## WHAT TO DO
Please return every line in the following data that includes the string "Reals".

Stored items:

^^^^^^^^

(* Let $X(s,t)=\gamma(s)+\frac{t}{\sqrt2}\bigl(V_2(s)+V_4(s)\bigr)$, $(s,t)\in I\times J$, and suppose $\kappa_2=\kappa_3$ on $I$ and $1-\frac{t}{\sqrt2}\kappa_1(s)\neq0$ on $I\times J$ (so $X$ is an immersion). Then $X$ is flat (its Gaussian curvature vanishes identically) and has flat normal bundle (its normal curvature vanishes identically).
   Context: Let $I,J\subset\mathbb{R}$ be open intervals and $\gamma:I\to\mathbb{R}^4$ a smooth unit-speed curve equipped with a smooth orthonormal frame $(V_1,V_2,V_3,V_4)$ along $\gamma$ and smooth functions $\kappa_1,\kappa_2,\kappa_3:I\to\mathbb{R}$ satisfying the Frenet equations $\gamma'=V_1$, $V_1'=\kappa_1V_2$, $V_2'=-\kappa_1V_1+\kappa_2V_3$, $V_3'=-\kappa_2V_2+\kappa_3V_4$, $V_4'=-\kappa_3V_3$. The normal curvature of a surface in $\mathbb{R}^4$ with orthonormal tangent frame $e_1,e_2$ and orthonormal normal frame $N_1,N_2$ is $K_N=\sum_{j=1}^{2}(h^1_{1j}h^2_{2j}-h^2_{1j}h^1_{2j})$ with $h^k_{ij}=\langle h(e_i,e_j),N_k\rangle$, $h$ the second fundamental form. *)

From Stdlib Require Import Reals.
Open Scope R_scope.

Record Vec4 := mkV4 { c1 : R; c2 : R; c3 : R; c4 : R }.

Definition vadd (u v : Vec4) : Vec4 :=
  mkV4 (c1 u + c1 v) (c2 u + c2 v) (c3 u + c3 v) (c4 u + c4 v).
Definition vscale (a : R) (v : Vec4) : Vec4 :=
  mkV4 (a * c1 v) (a * c2 v) (a * c3 v) (a * c4 v).
Definition vdot (u v : Vec4) : R :=
  c1 u * c1 v + c2 u * c2 v + c3 u * c3 v + c4 u * c4 v.

Definition vderiv (f : R -> Vec4) (x : R) (v : Vec4) : Prop :=
  derivable_pt_lim (fun u => c1 (f u)) x (c1 v) /\
  derivable_pt_lim (fun u => c2 (f u)) x (c2 v) /\
  derivable_pt_lim (fun u => c3 (f u)) x (c3 v) /\
  derivable_pt_lim (fun u => c4 (f u)) x (c4 v).

Definition is_open_interval (I : R -> Prop) : Prop :=
  (exists x, I x) /\
  (forall x y z, I x -> I z -> x <= y <= z -> I y) /\
  (forall x, I x -> exists e, 0 < e /\ forall y, Rabs (y - x) < e -> I y).

Definition smooth_on (I : R -> Prop) (f : R -> R) : Prop :=
  exists D : nat -> R -> R,
    (forall x, I x -> D O x = f x) /\
    (forall n x, I x -> derivable_pt_lim (D n) x (D (S n) x)).

Definition vsmooth_on (I : R -> Prop) (f : R -> Vec4) : Prop :=
  exists D : nat -> R -> Vec4,
    (forall x, I x -> D O x = f x) /\
    (forall n x, I x -> vderiv (D n) x (D (S n) x)).

Definition orthonormal4 (v1 v2 v3 v4 : Vec4) : Prop :=
  vdot v1 v1 = 1 /\ vdot v2 v2 = 1 /\ vdot v3 v3 = 1 /\ vdot v4 v4 = 1 /\
  vdot v1 v2 = 0 /\ vdot v1 v3 = 0 /\ vdot v1 v4 = 0 /\
  vdot v2 v3 = 0 /\ vdot v2 v4 = 0 /\ vdot v3 v4 = 0.

Definition frenet (I : R -> Prop) (gamma V1 V2 V3 V4 : R -> Vec4)
  (k1 k2 k3 : R -> R) : Prop :=
  forall s, I s ->
    vderiv gamma s (V1 s) /\
    vderiv V1 s (vscale (k1 s) (V2 s)) /\
    vderiv V2 s (vadd (vscale (- k1 s) (V1 s)) (vscale (k2 s) (V3 s))) /\
    vderiv V3 s (vadd (vscale (- k2 s) (V2 s)) (vscale (k3 s) (V4 s))) /\
    vderiv V4 s (vscale (- k3 s) (V3 s)).

Definition ruled_X (gamma V2 V4 : R -> Vec4) (s t : R) : Vec4 :=
  vadd (gamma s) (vscale (t / sqrt 2) (vadd (V2 s) (V4 s))).

Definition partials_of (X : R -> R -> Vec4) (I J : R -> Prop)
  (Xs Xt Xss Xst Xtt : R -> R -> Vec4) : Prop :=
  forall s t, I s -> J t ->
    vderiv (fun u => X u t) s (Xs s t) /\
    vderiv (fun w => X s w) t (Xt s t) /\
    vderiv (fun u => Xs u t) s (Xss s t) /\
    vderiv (fun w => Xs s w) t (Xst s t) /\
    vderiv (fun w => Xt s w) t (Xtt s t).

(** Second derivative of X applied to tangent vectors
    u = a Xs + b Xt, v = c Xs + d Xt (coordinates (a,b), (c,d)). *)
Definition d2X (Xss Xst Xtt : Vec4) (a b c d : R) : Vec4 :=
  vadd (vscale (a * c) Xss)
       (vadd (vscale (a * d + b * c) Xst) (vscale (b * d) Xtt)).

Definition adapted_frame (Xs Xt : Vec4) (a1 b1 a2 b2 : R) (N1 N2 : Vec4) : Prop :=
  let e1 := vadd (vscale a1 Xs) (vscale b1 Xt) in
  let e2 := vadd (vscale a2 Xs) (vscale b2 Xt) in
  vdot e1 e1 = 1 /\ vdot e2 e2 = 1 /\ vdot e1 e2 = 0 /\
  vdot N1 N1 = 1 /\ vdot N2 N2 = 1 /\ vdot N1 N2 = 0 /\
  vdot N1 Xs = 0 /\ vdot N1 Xt = 0 /\ vdot N2 Xs = 0 /\ vdot N2 Xt = 0.

(** h^k_{ij} = <h(e_i,e_j), N_k> = <X_{ij-direction}, N_k> (the normal
    component of the second derivative, paired with N_k). *)
Definition hcoef (Xss Xst Xtt : Vec4) (a1 b1 a2 b2 : R) (N : Vec4)
  (i j : bool) : R :=
  let ai := if i then a1 else a2 in let bi := if i then b1 else b2 in
  let aj := if j then a1 else a2 in let bj := if j then b1 else b2 in
  vdot (d2X Xss Xst Xtt ai bi aj bj) N.
(* convention: index 1 = true, index 2 = false *)

(** Gaussian curvature (Gauss equation):
    K = sum_k (h^k_11 h^k_22 - (h^k_12)^2). *)
Definition gauss_curv (Xss Xst Xtt : Vec4) (a1 b1 a2 b2 : R) (N1 N2 : Vec4) : R :=
  let h := hcoef Xss Xst Xtt a1 b1 a2 b2 in
  (h N1 true true * h N1 false false - h N1 true false * h N1 true false) +
  (h N2 true true * h N2 false false - h N2 true false * h N2 true false).

Definition normal_curv (Xss Xst Xtt : Vec4) (a1 b1 a2 b2 : R) (N1 N2 : Vec4) : R :=
  let h := hcoef Xss Xst Xtt a1 b1 a2 b2 in
  (h N1 true true * h N2 false true - h N2 true true * h N1 false true) +
  (h N1 true false * h N2 false false - h N2 true false * h N1 false false).

(* Since k2 = k3, the Frenet equations give (V2 + V4)' = -k1 V1, so
   X_s = (1 - t k1/sqrt 2) V1, X_st = -(k1/sqrt 2) V1 and X_tt = 0.  As
   1 - t k1/sqrt 2 <> 0, every normal vector is orthogonal to V1, hence to X_st
   and X_tt.  The second fundamental form is therefore h(e_i, e_j) = a_i a_j X_ss
   (normal part) for e_i = a_i X_s + b_i X_t: each component h^k is a rank-one
   symmetric form, so both the Gauss-equation determinants and the normal
   curvature vanish. *)

From Stdlib Require Import Reals Lra.
Open Scope R_scope.

Definition vzero : Vec4 := mkV4 0 0 0 0.

Lemma vdot_scalel a u v : vdot (vscale a u) v = a * vdot u v.
Proof. destruct u, v; unfold vdot, vscale; simpl; ring. Qed.

Lemma vdot_comm u v : vdot u v = vdot v u.
Proof. destruct u, v; unfold vdot; simpl; ring. Qed.

Lemma vdot0l v : vdot vzero v = 0.
Proof. destruct v; unfold vdot; simpl; ring. Qed.

Lemma vderiv_unique f x l1 l2 : vderiv f x l1 -> vderiv f x l2 -> l1 = l2.
Proof.
  destruct l1, l2; intros (A1 & A2 & A3 & A4) (B1 & B2 & B3 & B4); simpl in *.
  f_equal; eapply uniqueness_limite; eauto.
Qed.

Lemma vderiv_const v x : vderiv (fun _ => v) x vzero.
Proof. repeat split; apply derivable_pt_lim_const. Qed.

Lemma vderiv_add f g x l1 l2 : vderiv f x l1 -> vderiv g x l2 ->
  vderiv (fun u => vadd (f u) (g u)) x (vadd l1 l2).
Proof.
  intros (A1 & A2 & A3 & A4) (B1 & B2 & B3 & B4); repeat split; simpl;
    apply (derivable_pt_lim_plus (fun u => _ (f u)) (fun u => _ (g u))); auto.
Qed.

Lemma vderiv_scale a f x l : vderiv f x l ->
  vderiv (fun u => vscale a (f u)) x (vscale a l).
Proof.
  intros (A1 & A2 & A3 & A4); repeat split; simpl;
    apply (derivable_pt_lim_scal (fun u => _ (f u))); auto.
Qed.

Lemma vderiv_scalel f v x l : derivable_pt_lim f x l ->
  vderiv (fun u => vscale (f u) v) x (vscale l v).
Proof. intro Hf; repeat split; apply derivable_pt_lim_scal_right, Hf. Qed.

Lemma vderiv_near f g x l e : 0 < e ->
  (forall y, Rabs (y - x) < e -> f y = g y) -> vderiv f x l -> vderiv g x l.
Proof.
  intros He Hfg (A1 & A2 & A3 & A4).
  assert (Hx : x - e < x < x + e) by lra.
  assert (Hball : forall y, x - e < y < x + e -> f y = g y)
    by (intros y Hy; apply Hfg, Rabs_def1; lra).
  repeat split; (eapply derivable_pt_lim_locally_ext; [exact Hx | | eassumption]);
    intros y Hy; cbv beta; rewrite (Hball y Hy); reflexivity.
Qed.

Lemma derivable_pt_lim_affine a b x :
  derivable_pt_lim (fun w => a + w * b) x b.
Proof.
  pose proof (derivable_pt_lim_plus (fun _ => a) (fun w => w * b) x _ _
    (derivable_pt_lim_const a x)
    (derivable_pt_lim_scal_right _ _ _ b (derivable_pt_lim_id x))) as H.
  rewrite Rplus_0_l, Rmult_1_l in H; exact H.
Qed.

Lemma hcoef_of_ortho Xss Xst Xtt a1 b1 a2 b2 N i j :
  vdot Xst N = 0 -> vdot Xtt N = 0 ->
  hcoef Xss Xst Xtt a1 b1 a2 b2 N i j =
  (if i then a1 else a2) * (if j then a1 else a2) * vdot Xss N.
Proof.
  intros Hst Htt; unfold hcoef; cbv zeta.
  set (a := if i then a1 else a2); set (b := if i then b1 else b2).
  set (c := if j then a1 else a2); set (d := if j then b1 else b2).
  transitivity (a * c * vdot Xss N + (a * d + b * c) * vdot Xst N
                + b * d * vdot Xtt N).
  - destruct Xss, Xst, Xtt, N; unfold vdot, d2X, vadd, vscale; simpl; ring.
  - rewrite Hst, Htt; ring.
Qed.

Lemma curvatures_eq0_of_ortho Xss Xst Xtt a1 b1 a2 b2 N1 N2 :
  vdot Xst N1 = 0 -> vdot Xtt N1 = 0 -> vdot Xst N2 = 0 -> vdot Xtt N2 = 0 ->
  gauss_curv Xss Xst Xtt a1 b1 a2 b2 N1 N2 = 0 /\
  normal_curv Xss Xst Xtt a1 b1 a2 b2 N1 N2 = 0.
Proof.
  intros Hst1 Htt1 Hst2 Htt2; unfold gauss_curv, normal_curv; cbv zeta.
  rewrite !(hcoef_of_ortho _ _ _ _ _ _ _ N1 _ _ Hst1 Htt1),
          !(hcoef_of_ortho _ _ _ _ _ _ _ N2 _ _ Hst2 Htt2).
  split; ring.
Qed.

Section RuledSurface.

Variables (I : R -> Prop) (gamma V1 V2 V3 V4 : R -> Vec4) (k1 k2 k3 : R -> R).
Hypothesis Hfrenet : frenet I gamma V1 V2 V3 V4 k1 k2 k3.
Hypothesis Hk23 : forall s, I s -> k2 s = k3 s.

Let X := ruled_X gamma V2 V4.

Lemma vderiv_V2_add_V4 s : I s ->
  vderiv (fun u => vadd (V2 u) (V4 u)) s (vscale (- k1 s) (V1 s)).
Proof.
  intro Is; destruct (Hfrenet s Is) as (_ & _ & D2 & _ & D4).
  replace (vscale (- k1 s) (V1 s)) with
    (vadd (vadd (vscale (- k1 s) (V1 s)) (vscale (k2 s) (V3 s)))
          (vscale (- k3 s) (V3 s))).
  - exact (vderiv_add _ _ _ _ _ D2 D4).
  - rewrite (Hk23 s Is); destruct (V1 s), (V3 s);
      unfold vadd, vscale; simpl; f_equal; ring.
Qed.

Lemma ruled_X_ds s t : I s ->
  vderiv (fun u => X u t) s (vscale (1 + t * (- k1 s / sqrt 2)) (V1 s)).
Proof.
  intro Is; destruct (Hfrenet s Is) as (Dg & _).
  replace (vscale (1 + t * (- k1 s / sqrt 2)) (V1 s)) with
    (vadd (V1 s) (vscale (t / sqrt 2) (vscale (- k1 s) (V1 s)))).
  - exact (vderiv_add _ _ _ _ _ Dg (vderiv_scale _ _ _ _ (vderiv_V2_add_V4 s Is))).
  - destruct (V1 s); unfold vadd, vscale; simpl; f_equal; field;
      apply Rgt_not_eq, sqrt_lt_R0; lra.
Qed.

Lemma ruled_X_dt s t :
  vderiv (fun w => X s w) t (vscale (/ sqrt 2) (vadd (V2 s) (V4 s))).
Proof.
  replace (vscale (/ sqrt 2) (vadd (V2 s) (V4 s))) with
    (vadd vzero (vscale (1 * / sqrt 2) (vadd (V2 s) (V4 s)))).
  - apply vderiv_add; [apply vderiv_const |].
    apply vderiv_scalel; unfold Rdiv.
    apply derivable_pt_lim_scal_right, derivable_pt_lim_id.
  - destruct (V2 s), (V4 s); unfold vadd, vscale, vzero; simpl; f_equal; ring.
Qed.

End RuledSurface.

Theorem corollary9
  (I J : R -> Prop) (gamma V1 V2 V3 V4 : R -> Vec4) (k1 k2 k3 : R -> R) :
  is_open_interval I -> is_open_interval J ->
  vsmooth_on I gamma ->
  vsmooth_on I V1 -> vsmooth_on I V2 -> vsmooth_on I V3 -> vsmooth_on I V4 ->
  smooth_on I k1 -> smooth_on I k2 -> smooth_on I k3 ->
  (forall s, I s -> orthonormal4 (V1 s) (V2 s) (V3 s) (V4 s)) ->
  frenet I gamma V1 V2 V3 V4 k1 k2 k3 ->
  (forall s, I s -> k2 s = k3 s) ->
  (forall s t, I s -> J t -> 1 - t / sqrt 2 * k1 s <> 0) ->
  forall Xs Xt Xss Xst Xtt : R -> R -> Vec4,
    partials_of (ruled_X gamma V2 V4) I J Xs Xt Xss Xst Xtt ->
    forall s t, I s -> J t ->
    forall (a1 b1 a2 b2 : R) (N1 N2 : Vec4),
      adapted_frame (Xs s t) (Xt s t) a1 b1 a2 b2 N1 N2 ->
      gauss_curv (Xss s t) (Xst s t) (Xtt s t) a1 b1 a2 b2 N1 N2 = 0 /\
      normal_curv (Xss s t) (Xst s t) (Xtt s t) a1 b1 a2 b2 N1 N2 = 0.
Proof.
  intros _ (_ & _ & HJopen) _ _ _ _ _ _ _ _ _ Hfr Hk Hreg
    Xs Xt Xss Xst Xtt HP s t Is Jt a1 b1 a2 b2 N1 N2 HF.
  destruct (HJopen t Jt) as (e & He & Hball).
  pose (c w := 1 + w * (- k1 s / sqrt 2)).
  assert (HXs : forall w, J w -> Xs s w = vscale (c w) (V1 s)).
  { intros w Jw; destruct (HP s w Is Jw) as (P & _).
    eapply vderiv_unique; [exact P | eapply ruled_X_ds; eassumption]. }
  assert (HXt : forall w, J w -> Xt s w = vscale (/ sqrt 2) (vadd (V2 s) (V4 s))).
  { intros w Jw; destruct (HP s w Is Jw) as (_ & P & _).
    eapply vderiv_unique; [exact P | apply ruled_X_dt]. }
  destruct (HP s t Is Jt) as (_ & _ & _ & Pst & Ptt).
  assert (HXst : Xst s t = vscale (- k1 s / sqrt 2) (V1 s)).
  { apply (vderiv_unique _ _ _ _ Pst); eapply vderiv_near; [exact He | |].
    - intros y Hy; symmetry; apply HXs, Hball, Hy.
    - apply vderiv_scalel, derivable_pt_lim_affine. }
  assert (HXtt : Xtt s t = vzero).
  { apply (vderiv_unique _ _ _ _ Ptt); eapply vderiv_near; [exact He | |].
    - intros y Hy; symmetry; apply HXt, Hball, Hy.
    - apply vderiv_const. }
  assert (Hnormal : forall N, vdot N (Xs s t) = 0 ->
                      vdot (Xst s t) N = 0 /\ vdot (Xtt s t) N = 0).
  { intros N HN; rewrite HXs, vdot_comm, vdot_scalel in HN by exact Jt.
    assert (HV1 : vdot (V1 s) N = 0).
    { destruct (Rmult_integral _ _ HN) as [Hc | Hc]; [| exact Hc].
      exfalso; apply (Hreg s t Is Jt); unfold c in Hc; rewrite <- Hc; field.
      apply Rgt_not_eq, sqrt_lt_R0; lra. }
    rewrite HXst, HXtt, vdot_scalel, HV1, vdot0l; split; ring. }
  destruct HF as (_ & _ & _ & _ & _ & _ & HN1 & _ & HN2 & _).
  destruct (Hnormal N1 HN1), (Hnormal N2 HN2).
  apply curvatures_eq0_of_ortho; assumption.
Qed.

^^^^^^^^

## OUTPUT FOR THIS TASK
From Stdlib Require Import Reals.
From Stdlib Require Import Reals Lra.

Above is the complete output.